/---

Lemma card_dense_draws (c : R) a : p * c <= a%:R / 2 ->
  (#|dense_draws n c a|%:R : R) <= 'C(#|T|, n)%:R * expR (- (a%:R / 6)).
Proof.
move=> small_c.
have [j1 small_j1|no_small] := pickP (fun j => #|F j|%:R <= c); last first.
  suff -> : dense_draws n c a = set0 by rewrite cards0 mulr_ge0 ?expR_ge0.
  apply/setP => S; rewrite !inE; apply/negP => /andP[_ /existsP[j]].
  by rewrite no_small.
have [j0 small_j0 max_j0] :=
  @arg_maxnP _ j1 (fun j => #|F j|%:R <= c) (fun j => #|F j|) small_j1.
apply: le_trans (hypergeometric_lower_tail T_gt0 leq_nT (K := F j0) _); last first.
  by rewrite (le_trans _ small_c) // ler_wpM2l ?divr_ge0.
rewrite ler_nat subset_leq_card //; apply/subsetP => S; rewrite !inE.
move=> /andP[-> /existsP[j /andP[small_j dense_j]]] /=.
apply: leq_trans dense_j _; apply/subset_leq_card/setIS/chain_subset_card.
exact: max_j0.
Qed.

Lemma card_sparse_draws (c : R) b : 2 * b%:R <= p * c ->
  (#|sparse_draws n c b|%:R : R) <= 'C(#|T|, n)%:R * expR (- (b%:R / 6)).
Proof.
move=> large_c.
have [j1 large_j1|no_large] := pickP (fun j => c <= #|F j|%:R); last first.
  suff -> : sparse_draws n c b = set0 by rewrite cards0 mulr_ge0 ?expR_ge0.
  apply/setP => S; rewrite !inE; apply/negP => /andP[_ /existsP[j]].
  by rewrite no_large.
have [j0 large_j0 min_j0] :=
  @arg_minnP _ j1 (fun j => c <= #|F j|%:R) (fun j => #|F j|) large_j1.
apply: le_trans (hypergeometric_upper_tail T_gt0 leq_nT (K := F j0) _); last first.
  by rewrite (le_trans large_c) // ler_wpM2l ?divr_ge0.
rewrite ler_nat subset_leq_card //; apply/subsetP => S; rewrite !inE.
move=> /andP[-> /existsP[j /andP[large_j sparse_j]]] /=.
apply: leq_trans sparse_j; apply/subset_leq_card/setIS/chain_subset_card.
exact: min_j0.
Qed.

End Chains.

Lemma leq_card_bigcup (I T : finType) (A : I -> {set T}) :
  (#|\bigcup_i A i| <= \sum_i #|A i|)%N.
Proof.
apply: (big_ind2 (fun (B : {set T}) k => #|B| <= k)%N); first by rewrite cards0.
  by move=> B1 k1 B2 k2 le1 le2; rewrite cardsU (leq_trans (leq_subr _ _)) ?leq_add.
by [].
Qed.

Section Segments.
Variables (R : realType) (T : finType) (x : T -> R).

Definition seg (a b : R) : {set T} := [set l | a <= x l <= b].

Definition seg_from (i j : T) : {set T} := seg (x i) (x j).

Lemma seg_from_chain i j k :
  (seg_from i j \subset seg_from i k) || (seg_from i k \subset seg_from i j).
Proof.
have sub j' k' : x j' <= x k' -> seg_from i j' \subset seg_from i k'.
  by move=> le_jk; apply/subsetP => l; rewrite !inE => /andP[-> /le_trans->].
by case: (leP (x j) (x k)) => [/sub-> | /ltW/sub->]; rewrite ?orbT.
Qed.

Lemma seg_endpoints a b : seg a b != set0 -> exists i j, seg a b = seg_from i j.
Proof.
case/set0Pn => l0 l0_in.
have [i i_in min_i] := arg_minP (P := [in seg a b]) x l0_in.
have [j j_in max_j] := arg_maxP (P := [in seg a b]) x l0_in.
exists i, j; apply/setP => l; rewrite [in RHS]inE.
apply/idP/andP => [l_in | [le_il le_lj]].
  split; [exact: min_i | exact: max_j].
move: i_in j_in; rewrite !inE => /andP[le_ai _] /andP[_ le_jb].
by rewrite (le_trans le_ai le_il) (le_trans le_lj le_jb).
Qed.

End Segments.

Lemma cnt_inE (R : realType) d (x : 'I_d -> R) A J :
  cnt_in x A J = #|A :&: seg x J.1 J.2|.
Proof. by rewrite /cnt_in setIdE. Qed.

Section BadDraws.
Variables (R : realType) (T : finType) (x : T -> R) (n : nat) (c1 c2 : R) (a b : nat).

Definition bad_draws : {set {set T}} :=
  \bigcup_(i : T)
    (dense_draws (seg_from x i) n c1 a :|: sparse_draws (seg_from x i) n c2 b).

Lemma notin_bad_draws (S : {set T}) u v : #|S| = n -> S \notin bad_draws ->
  (0 < a)%N -> (a <= #|S :&: seg x u v| <= b)%N -> c1 < #|seg x u v|%:R < c2.
Proof.
move=> card_S S_good a_gt0 /andP[le_a le_b].
have /seg_endpoints[i [j seg_ij]] : seg x u v != set0.
  by rewrite -card_gt0 (leq_trans a_gt0) ?(leq_trans le_a) ?subset_leq_card ?subsetIr.
have : S \notin dense_draws (seg_from x i) n c1 a :|: sparse_draws (seg_from x i) n c2 b.
  by apply: contra S_good => S_bad; apply/bigcupP; exists i.
rewrite !inE card_S eqxx /= negb_or => /andP[/existsPn/(_ j) + /existsPn/(_ j)].
by rewrite -seg_ij le_a le_b !andbT -!ltNge => -> ->.
Qed.

Hypotheses (T_gt0 : (0 < #|T|)%N) (leq_nT : (n <= #|T|)%N).
Let p : R := n%:R / #|T|%:R.

Lemma card_bad_draws : p * c1 <= a%:R / 2 -> 2 * b%:R <= p * c2 -> (a <= b)%N ->
  (#|bad_draws|%:R : R) <= #|T|%:R * (2 * ('C(#|T|, n)%:R * expR (- (a%:R / 6)))).
Proof.
move=> small_c1 large_c2 le_ab.
apply: le_trans (_ : _ <= \sum_(i : T) (#|dense_draws (seg_from x i) n c1 a|%:R
    + #|sparse_draws (seg_from x i) n c2 b|%:R)) _.
  under eq_bigr do rewrite -natrD.
  rewrite -natr_sum ler_nat (leq_trans (leq_card_bigcup _)) // leq_sum // => i _.
  by rewrite cardsU leq_subr.
rewrite mulr_natl -sumr_const; apply: ler_sum => i _.
rewrite mulr2n mulrDl mul1r; apply: lerD.
  exact: (card_dense_draws (F := seg_from x i)
            (seg_from_chain x i) T_gt0 leq_nT small_c1).
apply: le_trans
  (card_sparse_draws (F := seg_from x i) (seg_from_chain x i) T_gt0 leq_nT large_c2) _.
by apply: ler_wpM2l => //; rewrite ler_expR lerN2 ler_pM2r ?invr_gt0 ?ltr0n // ler_nat.
Qed.

End BadDraws.

Section ProcessProbability.
Variables (R : realType) (d n : nat) (Omega : finType).
Variables (q : {set 'I_d} -> Omega -> R) (I : {set 'I_d} -> Omega -> R * R).
Variable E : {set 'I_d} -> R * R -> bool.
Hypothesis q_ge0 : forall (S : {set 'I_d}) w, #|S| = n -> 0 <= q S w.

Let prob_E (S : {set 'I_d}) : R := \sum_(w : Omega) q S w * (if E S (I S w) then 1 else 0).

Let prob_E_ge0 (S : {set 'I_d}) : #|S| = n -> 0 <= prob_E S.
Proof. by move=> card_S; apply: sumr_ge0 => w _; rewrite mulr_ge0 ?q_ge0 //; case: ifP. Qed.

Lemma proc_prob_ge0 : 0 <= proc_prob n q I E.
Proof.
by apply: sumr_ge0 => S /eqP card_S; rewrite mulr_ge0 ?invr_ge0 ?ler0n ?prob_E_ge0.
Qed.

Hypothesis q_sum1 : forall S : {set 'I_d}, #|S| = n -> \sum_(w : Omega) q S w = 1.

Lemma proc_prob_ge_compl (B : {set {set 'I_d}}) : (n <= d)%N ->
  (forall (S : {set 'I_d}) w, #|S| = n -> 0 < q S w -> S \notin B -> E S (I S w)) ->
  1 - #|B|%:R / 'C(d, n)%:R <= proc_prob n q I E.
Proof.
move=> le_nd good_E; set C : R := 'C(d, n)%:R.
have C_gt0 : 0 < C by rewrite ltr0n bin_gt0.
have prob_E_good (S : {set 'I_d}) : #|S| = n -> S \notin B -> prob_E S = 1.
  move=> card_S S_good; rewrite -(q_sum1 card_S); apply: eq_bigr => w _.
  have [->|q_neq0] := eqVneq (q S w) 0; first by rewrite mul0r.
  by rewrite good_E ?mulr1 // lt_def q_neq0 q_ge0.
set D := [set S : {set 'I_d} | #|S| == n].
rewrite /proc_prob (eq_bigl [in D]) => [|S]; last by rewrite inE.
apply: le_trans (_ : _ <= \sum_(S in D) C^-1 * (1 - (S \in B)%:R)) _; last first.
  apply: ler_sum => S; rewrite inE => /eqP card_S; rewrite ler_pM2l ?invr_gt0 //.
  rewrite -/(prob_E S); have [S_bad|S_good] := boolP (S \in B) => /=.
    by rewrite subrr prob_E_ge0.
  by rewrite subr0 prob_E_good.
rewrite -mulr_sumr sumrB sumr_const card_draws card_ord -/C mulrBr mulVf ?gt_eqF //.
rewrite lerD2l lerN2 mulrC ler_pM2r ?invr_gt0 // -sum1_card natr_sum.
rewrite [X in X <= _]big_mkcond [X in _ <= X]big_mkcond /=; apply: ler_sum => S _.
by case: (S \in D); case: (S \in B).
Qed.

End ProcessProbability.

Lemma proc_prob_cnt_in_range (R : realType) (d n : nat) (x : 'I_d -> R) (a b : nat)
  (Omega : finType) (q : {set 'I_d} -> Omega -> R)
  (I : {set 'I_d} -> Omega -> R * R) :
  (0 < a)%N -> (a <= b)%N -> (0 < n)%N -> (n <= d)%N ->
  (forall (S : {set 'I_d}) w, #|S| = n -> 0 <= q S w) ->
  (forall S : {set 'I_d}, #|S| = n -> \sum_(w : Omega) q S w = 1) ->
  (forall (S : {set 'I_d}) w, #|S| = n -> 0 < q S w ->
     (a <= cnt_in x S (I S w) <= b)%N) ->
  1 - 2 * d%:R * expR (- (a%:R / 6)) <= proc_prob n q I (fun _ J =>
      ((1 / 2 : R) * a%:R * d%:R / n%:R < (cnt_in x setT J)%:R)
      && ((cnt_in x setT J)%:R < (2 : R) * b%:R * d%:R / n%:R)).
Proof.
move=> a_gt0 le_ab n_gt0 le_nd q_ge0 q_sum1 cnt_SI.
have T_gt0 : (0 < #|'I_d|)%N by rewrite card_ord (leq_trans n_gt0).
have leq_nT : (n <= #|'I_d|)%N by rewrite card_ord.
have nd_neq0 : (n%:R != 0 :> R) && (d%:R != 0 :> R).
  by rewrite !pnatr_eq0 -!lt0n n_gt0 (leq_trans n_gt0).
have small_c1 : n%:R / #|'I_d|%:R * (1 / 2 * a%:R * d%:R / n%:R) <= a%:R / 2 :> R.
  by rewrite card_ord [X in X <= _](_ : _ = a%:R / 2) //; field.
have large_c2 : 2 * b%:R <= n%:R / #|'I_d|%:R * (2 * b%:R * d%:R / n%:R) :> R.
  by rewrite card_ord [X in _ <= X](_ : _ = 2 * b%:R) //; field.
have := card_bad_draws x T_gt0 leq_nT small_c1 large_c2 le_ab.
rewrite card_ord => card_bad.
apply: le_trans (proc_prob_ge_compl q_ge0 q_sum1 le_nd _).
  set C : R := 'C(d, n)%:R; have C_gt0 : 0 < C by rewrite ltr0n bin_gt0.
  rewrite lerD2l lerN2 ler_pdivrMr //; apply: le_trans card_bad _.
  by rewrite [X in X <= _](_ : _ = 2 * d%:R * expR (- (a%:R / 6)) * C) //; ring.
move=> S w card_S q_gt0 S_good; have := cnt_SI S w card_S q_gt0.
rewrite !cnt_inE setTI; exact: notin_bad_draws card_S S_good a_gt0.
Qed.

Theorem lemmaF4 (R : realType) (d n : nat) (x : 'I_d -> R) (L Rb : int)
  (Omega : finType) (q : {set 'I_d} -> Omega -> R)
  (I : {set 'I_d} -> Omega -> R * R) :
  injective x ->
  (L <= Rb)%R ->
  (0 < n)%N -> (n <= d)%N ->
  (forall (S : {set 'I_d}) w, #|S| = n -> 0 <= q S w) ->
  (forall S : {set 'I_d}, #|S| = n -> \sum_(w : Omega) q S w = 1) ->
  (forall (S : {set 'I_d}) w, #|S| = n -> 0 < q S w ->
     (L <= (cnt_in x S (I S w))%:Z <= Rb)%R) ->
  proc_prob n q I (fun _ J =>
      ((1 / 2 : R) * L%:~R * d%:R / n%:R < (cnt_in x setT J)%:R)
      && ((cnt_in x setT J)%:R < (2 : R) * Rb%:~R * d%:R / n%:R))
  >= 1 - 3 * d%:R * expR (- (L%:~R / 6)).
Proof.
move=> _ le_LR n_gt0 le_nd q_ge0 q_sum1 cnt_SI.
have [L_le0|] := lerP L 0.
  apply: le_trans _ (proc_prob_ge0 I _ q_ge0); rewrite subr_le0.
  have L_le0' : (L%:~R : R) <= 0 by rewrite lerz0.
  have e_ge1 : 1 <= expR (- (L%:~R / 6) : R) by apply: le_trans (expR_ge1Dx _); lra.
  have d_ge1 : 1 <= d%:R :> R by rewrite ler1n (leq_trans n_gt0).
  nra.
case: L => // a in le_LR cnt_SI *; case: Rb => // b in le_LR cnt_SI *.
rewrite lez_nat in le_LR; rewrite ltz_nat -!pmulrn => a_gt0.
apply: le_trans _ (proc_prob_cnt_in_range a_gt0 le_LR n_gt0 le_nd q_ge0 q_sum1 _).
  have := mulr_ge0 (ler0n R d) (expR_ge0 (- (a%:R / 6))); lra.
by move=> S w card_S q_gt0; rewrite -!lez_nat; apply: cnt_SI.
Qed.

\---

Tell how many lines of the records above hold the string "Section". Give no other text.

3